Por natureza, o ser humano é social e político1, buscando, continuamente, a união com outros indivíduos para conseguir executar algumas tarefas. Nesse contexto está inserida a figura da pessoa jurídica que, antes de jurídica, é, sobretudo, fruto da vontade do homem social, existindo então por causa deste e para este. Pela necessidade da união entre dois ou mais indivíduos para a realização de um determinado anseio ou projeto, surge a chamada pessoa jurídica.

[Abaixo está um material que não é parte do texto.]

(* In a two-player perfect-information game of depth $D$, let $\{\tilde U_s\}$ be learned EPFs with targets $\tilde U'_s$, and let $\tilde Q_s$ be the induced leader payoff functions, as in the context. Suppose $L_\infty(\tilde U_s,\tilde U'_s)\le\epsilon$ for all $s\in\mathcal S$. Then $|\tilde Q_s(\mu_2)-\tilde U_s(\mu_2)|\le\epsilon D$ for all $s\in\mathcal S$ and all $\mu_2\in[\underline V(s),\overline V(s)]$.
   Context: A two-player perfect-information game is a finite rooted tree with states $\mathcal S$. Its leaves $\mathcal L$ carry payoffs $r_1(\ell),r_2(\ell)$ for the leader $\mathsf P_1$ and the follower $\mathsf P_2$. Non-leaf states are partitioned into leader states $\mathcal S_1$ and follower states $\mathcal S_2$, and $\mathcal C(s)$ denotes the children of $s$. The depth $D$ is the maximum number of edges on a root-to-leaf path. Bounds, defined by backward induction: - $\underline V(\ell)=\overline V(\ell)=r_2(\ell)$ for leaves; - $\underline V(s)=\min_{s'}\underline V(s')$ for $s\in\mathcal S_1$; - $\underline V(s)=\max_{s'}\underline V(s')$ for $s\in\mathcal S_2$; - $\overline V(s)=\max_{s'}\overline V(s')$ for every non-leaf $s$. For $s\in\mathcal S_2$ and $s'\in\mathcal C(s)$, let $\tau(s')=\max_{s^!\in\mathcal C(s),s^!\ne s'}\underline V(s^!)$. Let $\beta(s')=\tau(s')$ if the parent of $s'$ is in $\mathcal S_2$, and $-\infty$ if it is in $\mathcal S_1$. Operators, for $g:\mathbb R\to\mathbb R\cup\{-\infty\}$: - $\bigwedge_i g_i$ is the pointwise infimum of all concave $h\ge\max_i g_i$; - $[g\triangleright t](\mu)=g(\mu)$ for $\mu\ge t$ and $-\infty$ otherwise. Learned EPFs: for a leaf, $\tilde U_\ell(\mu)=r_1(\ell)$ if $\mu=r_2(\ell)$ and $-\infty$ otherwise. For non-leaf $s$, $\tilde U_s$ is the piecewise linear interpolation of finitely many points with $x$-coordinates in $[\underline V(s),\overline V(s)]$ including both endpoints. It is real-valued there and $-\infty$ outside. Targets: $\tilde U'_s=\bigwedge_{s'\in\mathcal C(s)}(\tilde U_{s'}\triangleright\beta(s'))$ for non-leaf $s$, and $\tilde U'_\ell=\tilde U_\ell$. The loss is $L_\infty(f,g)=\sup_\mu|f(\mu)-g(\mu)|$, with $|(-\infty)-(-\infty)|=0$. Induced payoff $\tilde Q_s:[\underline V(s),\overline V(s)]\to\mathbb R$: for leaves, $\tilde Q_\ell(r_2(\ell))=r_1(\ell)$. For non-leaf $s$ and promise $\mu_2$, let $(\tilde s',\tilde s'',\tilde t,\tilde\mu',\tilde\mu'')$ be the chosen maximizer, over $s',s''\in\mathcal C(s)$, $t\in[0,1]$, $\mu',\mu''$ with $t\mu'+(1-t)\mu''=\mu_2$, of $t[\tilde U_{s'}\triangleright\beta(s')](\mu')+(1-t)[\tilde U_{s''}\triangleright\beta(s'')](\mu'')$. Then $$\tilde Q_s(\mu_2)=\tilde t\,\tilde Q_{\tilde s'}(\tilde\mu')+(1-\tilde t)\,\tilde Q_{\tilde s''}(\tilde\mu'').$$ Thus $\tilde Q_s(\mu_2)$ is the leader's expected payoff when play starts at $s$ with promise $\mu_2$ to the follower and proceeds by this one-step-lookahead rule (moving to $\tilde s'$ with probability $\tilde t$ and promise $\tilde\mu'$, and to $\tilde s''$ with probability $1-\tilde t$ and promise $\tilde\mu''$). *)

From HB Require Import structures.
From mathcomp Require Import all_boot all_order all_algebra.
From mathcomp Require Import boolp classical_sets reals constructive_ereal ereal.
Set Implicit Arguments.
Unset Strict Implicit.
Unset Printing Implicit Defensive.
Import Order.TTheory GRing.Theory Num.Theory.
Local Open Scope ring_scope.
Lemma sum_qpsi_Omega n :
  \sum_(m < n.+1 | (0 < m)%N) (q_psi m)%:Z * Omega m (n - m) =
  \sum_(N < n.+1 | (0 < N)%N)
    #|[set S : {set 'I_N.+1} | is_distinct_partition S]|%:Z * omega (n%:Z - N%:Z).
Proof.
under eq_bigr => m m_gt0 do rewrite (Omega_sum_multiples m_gt0 (ltn_ord m : (m <= n)%N)) mulr_sumr.
rewrite (exchange_big_dep (fun N : 'I_n.+1 => 0 < N)%N) /=; last by move=> m N _ /andP[].
apply: eq_bigr => N N_gt0; rewrite (card_distinct_partitions N_gt0 (ltn_ord N)).
rewrite (big_morph Posz PoszD (erefl 0%:Z)) mulr_suml.
by apply: eq_bigl => m; rewrite N_gt0.
Qed.

Lemma sum_partitions_omega n :
  \sum_(N < n.+1 | (0 < N)%N)
    #|[set S : {set 'I_N.+1} | is_distinct_partition S]|%:Z * omega (n%:Z - N%:Z) =
  (distinct_poly n * euler_poly 0 n)`_n - omega n%:Z.
Proof.
rewrite coefM [in RHS](bigD1 ord0) //= subn0 coef_distinct_poly_trunc //.
rewrite pentagonal_number_theorem // {1}/distinct_poly big_ord0 coef1 mul1r addrC addrK.
apply: eq_big => [N | N _]; first by rewrite lt0n -val_eqE.
have le_Nn : (N <= n)%N := ltn_ord N.
rewrite coef_distinct_poly_trunc // coef_distinct_poly natz.
by rewrite pentagonal_number_theorem ?leq_subr // subzn.
Qed.

Theorem mainTheorem9 (n : nat) (hn : (1 <= n)%N) :
  \sum_(m < n.+1 | (1 <= m)%N) (q_psi m)%:Z * Omega m (n - m)%N =
  (if odd n then - omega n%:Z
   else - omega n%:Z + omega (n./2)%:Z).
Proof.
(* The identity also holds for n = 0. *)
rewrite sum_qpsi_Omega sum_partitions_omega coef_distinct_euler.
by case: (odd n); rewrite (add0r, addrC).
Qed.
Definition edot (m : nat) (a b : {poly F}) : F := \sum_(i < m) a`_i * b`_i.

Definition sympl (m : nat) (u v : {poly F} * {poly F}) : F :=
  edot m u.1 v.2 - edot m u.2 v.1.

(* elements of R = F[x]/<x^m-1>, represented as polynomials of degree < m *)
Definition inR (m : nat) (a : {poly F}) : bool := (size a <= m)%N.

Definition qc_code (m : nat) (g11 g12 g22 : {poly F})
    (v : {poly F} * {poly F}) : Prop :=
  exists a b : {poly F},
    v = ((a * g11) %% ('X^m - 1), (a * g12 + b * g22) %% ('X^m - 1)).

Definition symplectic_LCD (m : nat) (C : {poly F} * {poly F} -> Prop) : Prop :=
  forall v, C v -> inR m v.1 -> inR m v.2 ->
    (forall c, C c -> sympl m c v = 0) -> v = (0, 0).
End QCDefs.

From HB Require Import structures.
From mathcomp Require Import all_boot all_order all_algebra all_field.
From mathcomp Require Import fingroup cyclic ring zify.
Set Implicit Arguments.
Unset Strict Implicit.
Unset Printing Implicit Defensive.

Import GRing.Theory FinRing.Theory.
Local Open Scope ring_scope.

(* Work modulo N = x^m - 1, where the substitution p |-> p(x^(m-1)) realises
   x |-> x^-1 and is congruent to the bar of any polynomial of degree <= m.
   The symplectic product of c and v is the coefficient of x^m in
   c1 bar(v2) - c2 bar(v1), so it vanishes as soon as N divides that product.
   Let r be a nonconstant common factor of r22 and e = g11 bar(g12) - g12 bar(g11),
   t = N / r and a = t(x^-1).  The vector v = (a g11, a g12) of C satisfies
   c1 bar(v2) - c2 bar(v1) = t (alpha e - beta g22 g11(x^-1)) = 0 mod N for every
   c = alpha (g11, g12) + beta (0, g22), because r divides e and g22.  If v were
   zero, r would divide g11(x^-1); but r also divides g22'(x^-1), since bar(g22')
   is a multiple of g22'^*, while g11 and g22' are coprime because x^m - 1 is
   squarefree when gcd(q, m) = 1. *)

Reserved Notation "p = q %[modp N ]"
  (format "'[hv ' p '/'  =  q '/'  %[modp  N ] ']'").
Notation "p = q %[modp N ]" := (N %| p - q) : ring_scope.

Section PolyCongruence.
Variables (F : fieldType) (N : {poly F}).
Implicit Types p q u : {poly F}.

Lemma eqmodp_refl p : p = p %[modp N].
Proof. by rewrite subrr dvdp0. Qed.

Lemma eqmodp_trans p q u : p = q %[modp N] -> q = u %[modp N] -> p = u %[modp N].
Proof.
move=> pq qu; have -> : p - u = (p - q) + (q - u) by ring.
exact: dvdp_add.
Qed.

Lemma eqmodpB p1 q1 p2 q2 :
  p1 = q1 %[modp N] -> p2 = q2 %[modp N] -> p1 - p2 = q1 - q2 %[modp N].
Proof.
move=> h1 h2; have -> : (p1 - p2) - (q1 - q2) = (p1 - q1) - (p2 - q2) by ring.
exact: dvdp_sub.
Qed.

Lemma eqmodpM p1 q1 p2 q2 :
  p1 = q1 %[modp N] -> p2 = q2 %[modp N] -> p1 * p2 = q1 * q2 %[modp N].
Proof.
move=> h1 h2; have -> : p1 * p2 - q1 * q2 = p1 * (p2 - q2) + (p1 - q1) * q2 by ring.
by apply: dvdp_add; [apply: dvdp_mull | apply: dvdp_mulr].
Qed.

Lemma eqmodpMl u p q : p = q %[modp N] -> u * p = u * q %[modp N].
Proof. by rewrite -mulrBr; apply: dvdp_mull. Qed.

Lemma modp_eqmodp p : p %% N = p %[modp N].
Proof.
have -> : p %% N - p = - (p %/ N) * N by rewrite {2}(divp_eq p N); ring.
exact: dvdp_mull.
Qed.

Lemma eqmodp_dvdp p q : p = q %[modp N] -> (N %| p) = (N %| q).
Proof. by move=> pq; rewrite -{1}(subrK q p) dvdp_addr. Qed.

Lemma eqmodp_sum (I : finType) (f g : I -> {poly F}) :
  (forall i, f i = g i %[modp N]) -> \sum_i f i = \sum_i g i %[modp N].
Proof.
move=> fg; rewrite -sumrB; apply: (big_ind (fun p => N %| p)) => [|x y|i _].
- exact: dvdp0.
- exact: dvdp_add.
- exact: fg.
Qed.

Lemma comp_poly_eqmodp u p q : p = q %[modp N] -> u \Po p = u \Po q %[modp N].
Proof.
move=> pq; elim/poly_ind: u => [|u c IHu]; first by rewrite !comp_poly0 subrr dvdp0.
rewrite !comp_poly_MXaddC.
have -> : (u \Po p) * p + c%:P - ((u \Po q) * q + c%:P) =
          (u \Po p) * p - (u \Po q) * q by ring.
exact: eqmodpM.
Qed.

End PolyCongruence.

Section InverseVariable.
Variables (F : fieldType) (m : nat).
Local Notation N := ('X^m - 1 : {poly F}).
Implicit Types f p q : {poly F}.

Lemma Xn_eqmodp a b : (a = b %[mod m])%N -> 'X^a = 'X^b %[modp N].
Proof.
suff Xn_mod c : 'X^c = 'X^(c %% m) %[modp N].
  move=> ab; have -> : 'X^a - 'X^b = ('X^a - 'X^(a %% m)) - ('X^b - 'X^(b %% m)) :> {poly F}.
    by rewrite ab; ring.
  exact: dvdp_sub.
rewrite {1}(divn_eq c m) exprD mulnC exprM -{2}['X^(c %% m)]mul1r -mulrBl.
by rewrite dvdp_mulr // -{2}(expr1n _ (c %/ m)) subrXX dvdp_mulIl.
Qed.

Lemma polybar_recip f : (size f <= m.+1)%N ->
  polybar m f = 'X^(m.+1 - size f) * recip f.
Proof.
move=> f_small; apply/polyP => k; rewrite coefXnM /polybar /recip !coef_poly.
set s := size f in f_small *.
case: (ltnP k (m.+1 - s)) => k_low.
  by case: ltnP => // k_le; rewrite nth_default // -/s; lia.
case: (ltnP k m.+1) => k_m; case: ltnP => k_f //; try lia.
by congr (_`_ _); lia.
Qed.

Definition xinv p := p \Po 'X^(m.-1).

Hypothesis m_gt0 : (0 < m)%N.

Lemma size_Xnsub1 : size N = m.+1.
Proof. by rewrite size_XnsubC. Qed.

Lemma Xnsub1_neq0 : N != 0.
Proof. by rewrite -size_poly_eq0 size_Xnsub1. Qed.

Lemma size_modp_Xnsub1 p : (size (p %% N)%R <= m)%N.
Proof. by rewrite -ltnS -size_Xnsub1 ltn_modpN0 // Xnsub1_neq0. Qed.

Lemma xinv_dvdp p : N %| p -> N %| xinv p.
Proof.
case/dvdpP=> q ->; rewrite /xinv comp_polyM dvdp_mull //.
rewrite comp_polyB comp_polyC comp_Xn_poly -exprM polyC1 -(expr0 'X).
by apply: Xn_eqmodp; rewrite modnMl mod0n.
Qed.

Lemma xinv_eqmodp p q : p = q %[modp N] -> xinv p = xinv q %[modp N].
Proof. by move/xinv_dvdp; rewrite /xinv comp_polyB. Qed.

Lemma xinvK_eqmodp p : xinv (xinv p) = p %[modp N].
Proof.
rewrite /xinv -comp_polyA comp_Xn_poly -exprM.
rewrite -{2}[p]comp_polyXr; apply: comp_poly_eqmodp; apply: (@Xn_eqmodp _ 1).
rewrite -(prednK m_gt0); set k := m.-1.
by apply/eqP; rewrite -(eqn_modDr k) -mulnSr add1n modnMl modnn.
Qed.

Lemma polybar_eqmodp f : (size f <= m.+1)%N -> polybar m f = xinv f %[modp N].
Proof.
move=> f_small.
have -> : polybar m f = \sum_(i < m.+1) f`_i *: 'X^(m - i).
  rewrite /polybar poly_def (reindex_inj rev_ord_inj) /=.
  by apply: eq_bigr => i _; rewrite subSS subKn // -ltnS.
have -> : xinv f = \sum_(i < m.+1) f`_i *: 'X^(m.-1 * i).
  rewrite /xinv comp_polyE (big_ord_widen _ (fun i => f`_i *: 'X^(m.-1) ^+ i) f_small).
  rewrite big_mkcond /=; apply: eq_bigr => i _.
  by case: ltnP => [_ | f_i]; rewrite -?exprM // nth_default // !scale0r.
apply: eqmodp_sum => i; rewrite -scalerBr -mul_polyC dvdp_mull //.
apply: Xn_eqmodp; apply/eqP; rewrite -(eqn_modDr i).
have := ltn_ord i; rewrite ltnS => le_i_m.
rewrite subnK // [(_ + i)%N](_ : _ = i * m)%N ?modnn ?modnMl //.
by rewrite -{2}(mul1n i) -mulnDl addn1 prednK // mulnC.
Qed.

Lemma dvdp_xinv_recip r f : (size f <= m.+1)%N ->
  r %| N -> r %| recip f -> r %| xinv f.
Proof.
move=> f_small r_N r_rec.
have r_bar : r %| polybar m f by rewrite polybar_recip // dvdp_mull.
by rewrite -(dvdp_subr _ r_bar) (dvdp_trans r_N (polybar_eqmodp f_small)).
Qed.

End InverseVariable.

Section SymplecticForm.
Variables (F : fieldType) (m : nat).
Local Notation N := ('X^m - 1 : {poly F}).
Implicit Types u w : {poly F}.

Lemma edot_polybar u w : (size u <= m)%N -> (size w <= m)%N ->
  edot m u w = (u * polybar m w)`_m.
Proof.
move=> u_small w_small.
rewrite coefM big_ord_recr /= (nth_default _ u_small) mul0r addr0.
apply: eq_bigr => i _; rewrite /polybar coef_poly.
have := ltn_ord i; rewrite ifT; last lia.
by move=> lt_i_m; congr (_ * _`_ _); lia.
Qed.

Hypothesis m_gt0 : (0 < m)%N.

(* P = (x^m - 1) Q with deg Q < m, so that P_m = Q_0 = - P_0. *)
Lemma coefn_dvdp_Xnsub1 P : N %| P -> (size P <= m + m)%N -> P`_0 = 0 -> P`_m = 0.
Proof.
case/dvdpP=> Q ->{P} size_PQ.
have Q_small : (size Q <= m)%N.
  have [-> | Q_neq0] := eqVneq Q 0; first by rewrite size_poly0.
  move: size_PQ; rewrite size_mul ?Xnsub1_neq0 // size_XnsubC // addnS /=.
  by set s := size Q; lia.
rewrite mulrBr mulr1 !coefB !coefMXn ltnn subnn m_gt0 sub0r => /eqP.
by rewrite oppr_eq0 => /eqP ->; rewrite (nth_default _ Q_small) subr0.
Qed.

Lemma sympl_eq0 (c1 c2 v1 v2 : {poly F}) :
  (size c1 <= m)%N -> (size c2 <= m)%N -> (size v1 <= m)%N -> (size v2 <= m)%N ->
  c1 * polybar m v2 = c2 * polybar m v1 %[modp N] ->
  sympl m (c1, c2) (v1, v2) = 0.
Proof.
move=> c1_small c2_small v1_small v2_small N_dvd.
rewrite /sympl /= !edot_polybar // -coefB; apply: coefn_dvdp_Xnsub1 => //.
  have size_bar u w : (size u <= m)%N -> (size (u * polybar m w)%R <= m + m)%N.
    move=> u_small; apply: leq_trans (size_polyMleq _ _) _.
    have : (size (polybar m w) <= m.+1)%N by apply: size_poly.
    lia.
  by rewrite (leq_trans (size_polyD _ _)) // size_polyN geq_max !size_bar.
rewrite coefB !coef0M /polybar !coef_poly /= subn0.
by rewrite (nth_default _ v1_small) (nth_default _ v2_small) !mulr0 subr0.
Qed.

End SymplecticForm.

Lemma dvdp_deriv_sqr (F : fieldType) (s p : {poly F}) : s * s %| p -> s %| p^`().
Proof.
case/dvdpP=> q ->; rewrite !derivM.
apply: dvdp_add; first by rewrite dvdp_mull // dvdp_mulr.
by rewrite dvdp_mull //; apply: dvdp_add; [rewrite dvdp_mull | rewrite dvdp_mulr].
Qed.

Lemma Xnsub1_sqfree (F : fieldType) (m : nat) (s : {poly F}) :
  m%:R != 0 :> F -> s * s %| 'X^m - 1 -> s %| 1.
Proof.
move=> m_neq0 ss_N.
have m_gt0 : (0 < m)%N by case: m m_neq0 {ss_N} => //; rewrite eqxx.
have s_N : s %| 'X^m - 1 by apply: dvdp_trans ss_N; apply: dvdp_mulr.
have s_Xm : s %| 'X^(m.-1).
  move: (dvdp_deriv_sqr ss_N); rewrite derivB derivXn derivC subr0.
  by rewrite -scaler_nat dvdpZr.
have s_Xm1 : s %| 'X^m by rewrite -(prednK m_gt0) exprSr dvdp_mulr.
have -> : (1 : {poly F}) = 'X^m - ('X^m - 1) by ring.
exact: dvdp_sub.
Qed.

Lemma natr_neq0_coprime_card (F : finFieldType) (m : nat) :
  coprime #|F| m -> m%:R != 0 :> F.
Proof.
move=> cop_Fm; have [p p_prime p_char] := finPcharP F.
have p_F : (p %| #|F|)%N.
  by rewrite (dvdn_pcharf p_char) -cardsT -zmodXgE (@expg_cardG _ [set: F]%G) ?inE.
apply: contraL p_prime; rewrite -(dvdn_pcharf p_char) => p_m.
have : (p %| gcdn #|F| m)%N by rewrite dvdn_gcd p_F p_m.
by rewrite (eqP cop_Fm) dvdn1 => /eqP ->.
Qed.

Lemma coprimep_div_gcdp_sqfree (F : fieldType) (p q : {poly F}) :
  (forall s, s * s %| q -> s %| 1) -> coprimep p (q %/ gcdp p q).
Proof.
move=> q_sqfree; rewrite coprimep_def -dvdp1; apply: q_sqfree.
set s := gcdp p _; set g := gcdp p q.
have s_g : s %| g.
  rewrite dvdp_gcd dvdp_gcdl (dvdp_trans (dvdp_gcdr _ _)) //.
  exact: divp_dvd (dvdp_gcdr _ _).
by rewrite -(divpK (dvdp_gcdr p q)) mulrC dvdp_mul // dvdp_gcdr.
Qed.

Section HullVector.
Variables (F : fieldType) (m : nat) (g11 g12 g22 r : {poly F}).
Local Notation N := ('X^m - 1 : {poly F}).
Local Notation t := (N %/ r).
Local Notation a := (xinv m t).

Definition hull_vector : {poly F} * {poly F} := ((a * g11) %% N, (a * g12) %% N).

Lemma hull_vector_in_code : qc_code m g11 g12 g22 hull_vector.
Proof. by exists a, 0; rewrite mul0r addr0. Qed.

Hypotheses (m_gt0 : (0 < m)%N) (r_N : r %| N).

Lemma hull_vector_fst_eq0 : hull_vector.1 = 0 -> r %| xinv m g11.
Proof.
move=> /= v1_eq0.
have N_ag11 : N %| a * g11 by rewrite -(eqmodp_dvdp (modp_eqmodp _ _)) v1_eq0 dvdp0.
have N_tJ11 : N %| t * xinv m g11.
  rewrite -(eqmodp_dvdp (eqmodpM (xinvK_eqmodp m_gt0 t) (eqmodp_refl _ _))).
  by rewrite -comp_polyM xinv_dvdp.
have t_neq0 : t != 0.
  by apply: contraNneq (Xnsub1_neq0 F m_gt0) => t0; rewrite -(divpK r_N) t0 mul0r.
by rewrite -(dvdp_mul2l _ _ t_neq0) divpK.
Qed.

Hypotheses (g11_small : (size g11 <= m.+1)%N) (g12_small : (size g12 <= m.+1)%N).
Hypotheses (r_g22 : r %| g22) (r_e : r %| g11 * polybar m g12 - g12 * polybar m g11).

Lemma hull_vector_orthogonal c : qc_code m g11 g12 g22 c -> sympl m c hull_vector = 0.
Proof.
case=> alpha [beta ->]; apply: sympl_eq0; rewrite ?size_modp_Xnsub1 //.
set J11 := xinv m g11; set J12 := xinv m g12.
have N_t x : r %| x -> N %| t * x by move=> r_x; rewrite -{1}(divpK r_N) dvdp_mul.
have bar_hull w : polybar m ((a * w) %% N) = t * xinv m w %[modp N].
  apply: eqmodp_trans (polybar_eqmodp m_gt0 (leqW (size_modp_Xnsub1 m_gt0 _))) _.
  apply: eqmodp_trans (xinv_eqmodp (modp_eqmodp _ _)) _.
  by rewrite /xinv comp_polyM; apply: eqmodpM (xinvK_eqmodp m_gt0 t) (eqmodp_refl _ _).
have r_e' : r %| g11 * J12 - g12 * J11.
  rewrite -(dvdp_subr _ r_e) (dvdp_trans r_N) //.
  by apply: eqmodpB; apply: eqmodpMl; apply: polybar_eqmodp.
rewrite (eqmodp_dvdp (eqmodpB (eqmodpM (modp_eqmodp _ _) (bar_hull _))
                                (eqmodpM (modp_eqmodp _ _) (bar_hull _)))).
have -> : alpha * g11 * (t * J12) - (alpha * g12 + beta * g22) * (t * J11) =
          alpha * (t * (g11 * J12 - g12 * J11)) - beta * J11 * (t * g22) by ring.
by rewrite dvdp_sub // dvdp_mull // N_t.
Qed.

Dentre as formas pelas quais os individuos podem se associar, existe a figura da sociedade cooperativa, a qual possui atributos jurídicos pertencentes às pessoas jurídicas. Além disso, apresenta determinadas características, como não poderia deixar de ser, inerentes à finalidade própria dessas sociedades que são formadas por motivos bem específicos, bem como têm exigências diferenciadas para sua manutenção.

De início, pode ser destacado que as sociedades cooperativas consistem na união de pessoas naturais, sem fins lucrativos, "de natureza civil, não sujeitas a falência, constituídas para prestar serviços aos associados", conforme conceitua a Lei nº 5.764, de 16 de dezembro de 1971, a qual "define a Política Nacional de Cooperativismo, institui o regime jurídico das sociedades cooperativas, e dá outras providências".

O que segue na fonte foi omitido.